WHAT NEEDS TO BE DONE
Set out each line from the following listing that includes the word "andP".

━━━━

Lemma eq_series_to u v l : u =1 v -> series_to abs u l -> series_to abs v l.
Proof.
move=> eq_uv ul e e_gt0; have [M uM] := ul e e_gt0; exists M => m Mm.
by under eq_bigr do rewrite -eq_uv; apply: uM.
Qed.

Lemma series_to_unique u l1 l2 : series_to abs u l1 -> series_to abs u l2 -> l1 = l2.
Proof.
move=> ul1 ul2; apply/eqP; rewrite -subr_eq0; apply/eqP/abs_small_eq0 => e e_gt0.
have [M1 uM1] := ul1 e e_gt0; have [M2 uM2] := ul2 e e_gt0.
set s := \sum_(k < maxn M1 M2) u k.
have -> : l1 - l2 = (s - l2) - (s - l1) by ring.
by apply: absB_lt; [apply: uM2 | apply: uM1]; rewrite ?leq_maxl ?leq_maxr.
Qed.

Lemma series_sumE u l : series_to abs u l -> series_sum abs u = l.
Proof.
move=> ul; rewrite /series_sum; set P := fun _ => _.
have [ul'|[no_lim _]] : P (epsilon (inhabits 0) P) by apply: epsilon_spec; exists l; left.
  exact: series_to_unique ul' ul.
by case: no_lim; exists l.
Qed.

Lemma series_to_finite u m : (forall k, (m <= k)%N -> u k = 0) ->
  series_to abs u (\sum_(k < m) u k).
Proof.
move=> u0 e e_gt0; exists m => n mn.
rewrite -!(big_mkord xpredT) (big_cat_nat (leq0n m) mn) /= addrAC subrr add0r.
by rewrite big_nat_cond big1 ?abs0 // => k /andP[/andP[/u0]].
Qed.

Lemma series_toD u v lu lv : series_to abs u lu -> series_to abs v lv ->
  series_to abs (fun k => u k + v k) (lu + lv).
Proof.
move=> ul vl e e_gt0; have [Mu uM] := ul e e_gt0; have [Mv vM] := vl e e_gt0.
exists (maxn Mu Mv) => m; rewrite geq_max => /andP[Mum Mvm].
by rewrite big_split /= opprD addrACA absD_lt ?uM ?vM.
Qed.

━━━━

SOLUTION TO THIS PROBLEM
by rewrite big_nat_cond big1 ?abs0 // => k /andP[/andP[/u0]].
exists (maxn Mu Mv) => m; rewrite geq_max => /andP[Mum Mvm].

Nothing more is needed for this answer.